Os pais devem decidir se querem convidar amigos e parentes para a cerimónia. Um baptizado é uma cerimónia de carácter privado e reservado. Por isso basta convidar os avós, os padrinhos, tios e alguns outros parentes e amigos. Nenhum primo em primeiro grau se deverá sentir ofendido por não ser convidado, embora isso dependa muito do relacionamento que tiver com os pais da criança. O grupo que vai assistir ao baptismo reúne-se geralmente à porta da igreja, mas é igualmente habitual que os pais, os padrinhos e os avós cheguem juntos, por terem combinado previamente fazê-lo, levando consigo a criança a ser baptizada.
A figura dos padrinhos tem grande importância no ritual católico do baptismo.
Ser padrinho de uma criança é uma honra. Porém, deverá recusar-se delicadamente tal honra sempre que não se tenha a certeza de se poderem cumprir as obrigações que tal aceitação implica. Os padrinhos são pelo simples facto de aceitarem sê-lo, os pais espirituais do afilhado. A tradição social assinala que na ausência dos pais ou dos avós, os padrinhos serão as pessoas encarregadas de tomar conta de um afilhado órfão.
No que se refere à cerimónia em si, devemos de novo lembrar o carácter recolhido e intimista da mesma.

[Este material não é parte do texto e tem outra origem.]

Lemma sat_AllBelow ts z q (e : nat -> M) : z \notin ts ->
  sat e (AllBelow ts z q) <-> forall ms, size ms = size ts ->
    List.Forall (fun m => ltM m (e z)) ms -> sat (updl e ts ms) q.
Proof.
elim: ts e => [|t ts IH] e /=.
  by move=> _; split=> [H [|//] | /(_ [::] erefl (List.Forall_nil _))].
rewrite inE negb_or => /andP[Hzt Hz].
have Hz' m : upd e t m z = e z by rewrite /upd (negbTE Hzt).
have Ht m : upd e t m t = m by rewrite /upd eqxx.
split=> [H [|m ms] // [Hs] /List.Forall_cons_iff[Hm Hms] | H m].
- move: (H m); rewrite /= sat_LtF Ht Hz' => /(_ Hm).
  by rewrite IH // Hz'; apply.
- rewrite /= sat_LtF Ht Hz' => Hm; rewrite IH // Hz' => ms Hs Hms.
  by apply: (H (m :: ms)); [rewrite /= Hs | constructor].
Qed.

Fixpoint UnboundedF (z : nat) (vs : seq nat) (q : formula L) : formula L :=
  if vs is v :: vs' then All z (Ex v (And (LtF z v) (UnboundedF z vs' q))) else q.

Lemma sub_unbounded j (P Q : seq M -> Prop) :
  (forall s, size s = j -> P s -> Q s) -> unbounded j P -> unbounded j Q.
Proof.
elim: j P Q => [|j IH] P Q HPQ /=; first exact: HPQ.
move=> HP alpha; have [x [Hx Hu]] := HP alpha; exists x; split=> //.
by apply: IH Hu => s Hs; apply: HPQ; rewrite /= Hs.
Qed.

Lemma eq_unbounded j (P Q : seq M -> Prop) :
  (forall s, size s = j -> (P s <-> Q s)) -> (unbounded j P <-> unbounded j Q).
Proof. by move=> HPQ; split; apply: sub_unbounded => s /HPQ ->. Qed.

Lemma sat_UnboundedF z vs q (e : nat -> M) : z \notin vs ->
  (forall e1 e2 : nat -> M, (forall w, w != z -> e1 w = e2 w) -> (sat e1 q <-> sat e2 q)) ->
  sat e (UnboundedF z vs q) <-> unbounded (size vs) (fun s => sat (updl e vs s) q).
Proof.
elim: vs e => [//|v vs IH] e; rewrite inE negb_or => /andP[Hzv Hz] Hq /=.
have Hzz al x : upd (upd e z al) v x z = al by rewrite /upd (negbTE Hzv) eqxx.
have Hvv al x : upd (upd e z al) v x v = x by rewrite /upd eqxx.
have Hoff al x : unbounded (size vs) (fun s => sat (updl (upd (upd e z al) v x) vs s) q) <->
                 unbounded (size vs) (fun s => sat (updl (upd e v x) vs s) q).
  apply: eq_unbounded => s _; apply: Hq; apply: updl_eq_off => w Hw.
  by rewrite /upd; case: eqP => // _; rewrite (negbTE Hw).
split=> H al; have := H al.
- by case=> x /=; rewrite sat_LtF Hzz Hvv IH // Hoff => -[Hx Hu]; exists x.
- by case=> x [Hx Hu]; exists x => /=; rewrite sat_LtF Hzz Hvv IH // Hoff.
Qed.

End Combinators.

Section ExtensionFormula.
Variables (L : language) (M : structure L) (phi psi : formula L) (n k k' : nat).
Hypotheses (Hphi : fv_below phi (n + k')) (Hpsi : fv_below psi (n + k)).

Definition EphiF (X C A T : nat) : formula L :=
  AllBelow (iota T k') A
    (IffF (substv 0 (iota X n ++ iota T k') phi) (substv 0 (iota C n ++ iota T k') phi)).

Lemma sat_EphiF X C A T (e : nat -> M) :
  n + k' <= X -> n + k' <= C -> X + n <= T -> C + n <= T -> A < T ->
  sat e (EphiF X C A T) <-> E_phi phi k' (map e (iota X n)) (map e (iota C n)) (e A).
Proof.
move=> HX HC HXT HCT HAT; rewrite sat_AllBelow ?mem_iota ?size_iota; last lia.
have Hblock B ts : n + k' <= B -> B + n <= T -> size ts = k' ->
    sat (updl e (iota T k') ts) (substv 0 (iota B n ++ iota T k') phi) <->
    sat (env_of (map e (iota B n) ++ ts)) phi.
  move=> HB HBT Hts; rewrite sat_substv_blocks //; last lia.
  rewrite map_updl_notin ?map_updl ?iota_uniq ?size_iota // => w.
  by rewrite !mem_iota; lia.
split=> H ts Hts Hlt; first by rewrite -!Hblock // -sat_IffF; exact: H.
by rewrite sat_IffF !Hblock //; exact: H.
Qed.

Definition extendable j (p c : seq M) (a : M) (b : seq M) (y : M) : Prop :=
  exists x, ltM y x /\ unbounded j (fun s =>
    E_phi phi k' (p ++ x :: s) c a /\ sat (env_of ((p ++ x :: s) ++ b)) psi).

Definition EphiPsiF (X C A B : nat) : formula L :=
  And (EphiF X C A (X + n)) (substv 0 (iota X n ++ iota B k) psi).

Lemma sat_EphiPsiF X C A B (e : nat -> M) :
  n + k + k' <= C -> C + n <= A -> A < B -> B + k <= X ->
  sat e (EphiPsiF X C A B) <->
  E_phi phi k' (map e (iota X n)) (map e (iota C n)) (e A) /\
  sat (env_of (map e (iota X n) ++ map e (iota B k))) psi.
Proof. by move=> *; rewrite sat_And sat_EphiF ?sat_substv_blocks //; lia. Qed.

Definition ExtF (N C A B X plen j : nat) : formula L :=
  Ex (X + plen) (And (LtF L N (X + plen))
    (UnboundedF (X + n + k') (iota (X + plen).+1 j) (EphiPsiF X C A B))).

Lemma sat_ExtF N C A B X plen j (e : nat -> M) :
  N < C -> n + k + k' <= C -> C + n <= A -> A < B -> B + k <= X -> plen + j.+1 = n ->
  sat e (ExtF N C A B X plen j) <->
  extendable j (map e (iota X plen)) (map e (iota C n)) (e A) (map e (iota B k)) (e N).
Proof.
move=> HNC HC HCA HAB HBX Hn; set x := X + plen.
have Hoff (e1 e2 : nat -> M) : (forall w, w != X + n + k' -> e1 w = e2 w) ->
    sat e1 (EphiPsiF X C A B) <-> sat e2 (EphiPsiF X C A B).
  move=> H12; have Hw w : w < X + n -> e1 w = e2 w by move=> Hw; apply: H12; apply/eqP; lia.
  have Hm blk : (forall w, w \in blk -> w < X + n) -> map e1 blk = map e2 blk.
    by move=> Hblk; apply/eq_in_map => w /Hblk /Hw.
  by rewrite !sat_EphiPsiF // !Hm ?Hw //; try lia; move=> w; rewrite mem_iota; lia.
have Hlow x0 s w : w < x -> updl (upd e x x0) (iota x.+1 j) s w = e w.
  by move=> Hw; rewrite updl_notin ?mem_iota /upd ?ifF //; apply/eqP; lia.
have Hmap x0 s blk : (forall w, w \in blk -> w < x) ->
    map (updl (upd e x x0) (iota x.+1 j) s) blk = map e blk.
  by move=> Hblk; apply/eq_in_map => w /Hblk /Hlow.
have Hxs x0 s : size s = j ->
    map (updl (upd e x x0) (iota x.+1 j) s) (iota X n) = map e (iota X plen) ++ x0 :: s.
  move=> Hs; rewrite -Hn iotaD map_cat Hmap => [|w]; last by rewrite mem_iota; lia.
  rewrite /= updl_notin ?mem_iota; last lia.
  by rewrite /upd eqxx -/(upd e x x0) map_updl ?iota_uniq ?size_iota.
have HN x0 : upd e x x0 N = e N by rewrite /upd ifF //; apply/eqP; lia.
have Hx x0 : upd e x x0 x = x0 by rewrite /upd eqxx.
have Hpt x0 : sat (upd e x x0)
      (And (LtF L N x) (UnboundedF (X + n + k') (iota x.+1 j) (EphiPsiF X C A B))) <->
    ltM (e N) x0 /\ unbounded j (fun s => E_phi phi k' (map e (iota X plen) ++ x0 :: s)
      (map e (iota C n)) (e A) /\
      sat (env_of ((map e (iota X plen) ++ x0 :: s) ++ map e (iota B k))) psi).
  rewrite sat_And sat_LtF HN Hx sat_UnboundedF ?size_iota ?mem_iota; [|lia|exact: Hoff].
  apply: and_iff_compat_l; apply: eq_unbounded => s Hs.
  by rewrite sat_EphiPsiF // Hxs ?Hmap ?Hlow //; try lia; move=> w; rewrite mem_iota; lia.
by split=> -[x0 Hx0]; exists x0; apply (Hpt x0).
Qed.

(* The free variables are first copied above every variable used by [phi], [psi] and [ExtF]. *)
Definition ExtensionF plen j : formula L :=
  let P := n + k + plen + 2 in let N := P + n + k + k' in
  substv N (iota 0 P) (ExtF N (N + 1) (N + 1 + n) (N + 2 + n) (N + 2 + n + k) plen j).

Lemma sat_ExtensionF plen j (y a : M) (c b p rest : seq M) :
  plen + j.+1 = n -> size c = n -> size b = k -> size p = plen ->
  sat (env_of (y :: c ++ a :: b ++ p ++ rest)) (ExtensionF plen j) <-> extendable j p c a b y.
Proof.
move=> Hn Hc Hb Hp; set ps := y :: _; rewrite /ExtensionF /=.
set P := n + k + plen + 2; set N := P + n + k + k'.
have eP : P = n + k + plen + 2 by []; have eN : N = P + n + k + k' by [].
clearbody P N.
have HP : P <= size ps by rewrite /ps /= size_cat /= !size_cat; lia.
rewrite sat_substv ?size_iota => [|w]; last by rewrite mem_iota; lia.
rewrite sat_ExtF; try lia.
set e0 := updl _ _ _.
have Hat o len pre blk post : ps = pre ++ blk ++ post -> size pre = o -> size blk = len ->
    o + len <= P -> map e0 (iota (N + o) len) = blk.
  move=> Hps Hpre Hblk Hol; rewrite map_updl_iota ?size_map ?size_iota //.
  rewrite map_nth_iota0 // take_drop take_takel; last lia.
  by rewrite -take_drop Hps drop_size_cat // take_size_cat.
have Hpt o pre z post : ps = pre ++ z :: post -> size pre = o -> o < P -> e0 (N + o) = z.
  move=> Hps Hpre Hol; move: (Hat o 1 pre [:: z] post Hps Hpre erefl).
  by rewrite addn1 => /(_ Hol) /= [=].
have -> : e0 N = y by rewrite -[N]addn0; apply: (Hpt 0 [::]) => //; lia.
rewrite -!addnA (Hat 1 n [:: y] c (a :: b ++ p ++ rest)) //; last lia.
rewrite (Hpt (1 + n) (y :: c) a (b ++ p ++ rest)) //; [|by rewrite /= Hc|lia].
rewrite (Hat (2 + n) k (y :: c ++ [:: a]) b (p ++ rest)) //;
  [|by rewrite /ps /= -catA|by rewrite /= size_cat Hc addn1|lia].
rewrite (Hat (2 + (n + k)) plen (y :: c ++ a :: b) p rest) //;
  [by rewrite /ps /= -!catA|by rewrite /= size_cat /= Hc Hb; lia|lia].
Qed.

End ExtensionFormula.

Section Witness.
Variables (L : language) (T : theory L) (M : structure L).
Hypotheses (HM : models M T) (Hinacc : inaccessibility T).
Hypotheses (lt_trans : forall x y z : M, ltM x y -> ltM y z -> ltM x z)
           (lt_total : forall x y : M, ltM x y \/ x = y \/ ltM y x).

Local Notation below z := (List.Forall (fun u : M => ltM u z)).

Lemma exists_strict_ub : (forall x : M, exists y, ltM x y) -> forall s : seq M, exists z, below z s.
Proof.
move=> Hnomax; elim=> [|u s [z Hz]]; first by exists (inhab M).
have Hup z' : ltM z z' -> below z' s.
  by move=> Hzz'; apply: List.Forall_impl Hz => w /lt_trans; apply.
case: (lt_total u z) => [Huz | [-> | Hzu]].
- by exists z; constructor.
- by have [x Hx] := Hnomax z; exists x; constructor; last exact: Hup.
- by have [x Hx] := Hnomax u; exists x; constructor; last exact/Hup/(lt_trans Hzu).
Qed.

Variables (phi psi : formula L) (n k k' : nat) (a : M) (b : seq M).
Hypotheses (Hphi : fv_below phi (n + k')) (Hpsi : fv_below psi (n + k)) (Hb : size b = k).

Lemma extendable_transfer p j (z0 : M) : size p + j.+1 = n -> below z0 (a :: b ++ p) ->
  exists z2, forall c, size c = n -> below z0 c ->
    forall x, exists y, ltM y z2 /\
      (extendable phi psi k' j p c a b x <-> extendable phi psi k' j p c a b y).
Proof.
move=> Hn Habp; set Ext := ExtensionF phi psi n k k' (size p) j.
have [m Hm] := exists_fv_below Ext.
set K := maxn (n + k + size p + 1) m.
have HK : fv_below Ext (1 + K) by move=> v /Hm; rewrite /K; lia.
have [z2 [_ Hz2]] := Hinacc HK HM z0.
exists z2 => c Hc Hcz x.
have [y1 [Hy1 [Hlt HE]]] := Hz2 [:: x] erefl.
case: y1 Hy1 Hlt HE => [|y [|//]] //= _ /List.Forall_cons_iff[Hy _] HE.
exists y; split=> //.
(* [K] must also bound the free variables of [Ext], so the parameters are padded
   with copies of [a]. *)
set rest := nseq (K - (n + k + size p + 1)) a.
have Hrest : below z0 rest.
  by rewrite /rest; elim: (_ - _) => //= i IH; constructor=> //; case/List.Forall_cons_iff: Habp.
have := HE (c ++ a :: b ++ p ++ rest).
rewrite /= !sat_ExtensionF //; apply.
- by rewrite size_cat /= !size_cat size_nseq Hc Hb /K; lia.
- apply/List.Forall_app; split=> //.
  by rewrite catA -cat_cons; apply List.Forall_app.
Qed.

Definition bounded_witness (z : M) p j (c : seq M) : Prop :=
  size c = n /\ below z c /\ unbounded j (fun s =>
    E_phi phi k' (p ++ s) c a /\ sat (env_of ((p ++ s) ++ b)) psi).

Lemma bounded_witness_step z1 p j : size p + j.+1 = n ->
  unbounded j.+1 (fun s => sat (env_of ((p ++ s) ++ b)) psi) ->
  (forall x, unbounded j (fun s => sat (env_of ((p ++ x :: s) ++ b)) psi) ->
     exists c, bounded_witness z1 (p ++ [:: x]) j c) ->
  exists c, bounded_witness z1 p j.+1 c.
Proof.
move=> Hn Hu IH; apply: NNPP => Hno.
have [z0 /List.Forall_cons_iff[Hz10 Habp]] : exists z0, below z0 (z1 :: a :: b ++ p).
  by apply: exists_strict_ub => x; have [y [Hxy _]] := Hu x; exists y.
have [z2 Hz2] := extendable_transfer Hn Habp.
have [x1 [Hx1 Hu1]] := Hu z2.
have [c0 [Hc0 [Hc0z1 Hc0U]]] := IH x1 Hu1.
have Hc0z0 : below z0 c0 by apply: List.Forall_impl Hc0z1 => u /lt_trans; apply.
have [x0 Hx0] : exists x0, ~ extendable phi psi k' j p c0 a b x0.
  apply: NNPP => Hall; apply: Hno; exists c0; do 2!split=> //; move=> x.
  by apply: NNPP => Hx; apply: Hall; exists x.
have [y [Hy Hxy]] := Hz2 c0 Hc0 Hc0z0 x0.
apply/Hx0/Hxy; exists x1; split; first exact: lt_trans Hy Hx1.
by apply: sub_unbounded Hc0U => s _; rewrite -catA.
Qed.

Um baptizado não é um casamento. Por isso é de gosto duvidoso querer (embora com autorização do sacerdote) enfeitar com flores a pia baptismal.
Os avós e os padrinhos podem oferecer presentes à criança (nunca os pais). Os outros convidados poderão igualmente fazê-lo.
Um último conselho: nem os padrinhos nem os avós devem querer impor determinado nome ao menino ou à menina. Tal assunto deve ser resolvido apenas pelos pais.

Para todas as pessoas que venham a ler este pequeno resumo sobre as boas maneiras.
Não é minha intenção dar exemplos, mas sim o que os protocolos mais aconselham.
Cada um deve fazer o que a sua consciência ditar, mas não ferindo o convívio dos outros (convidados).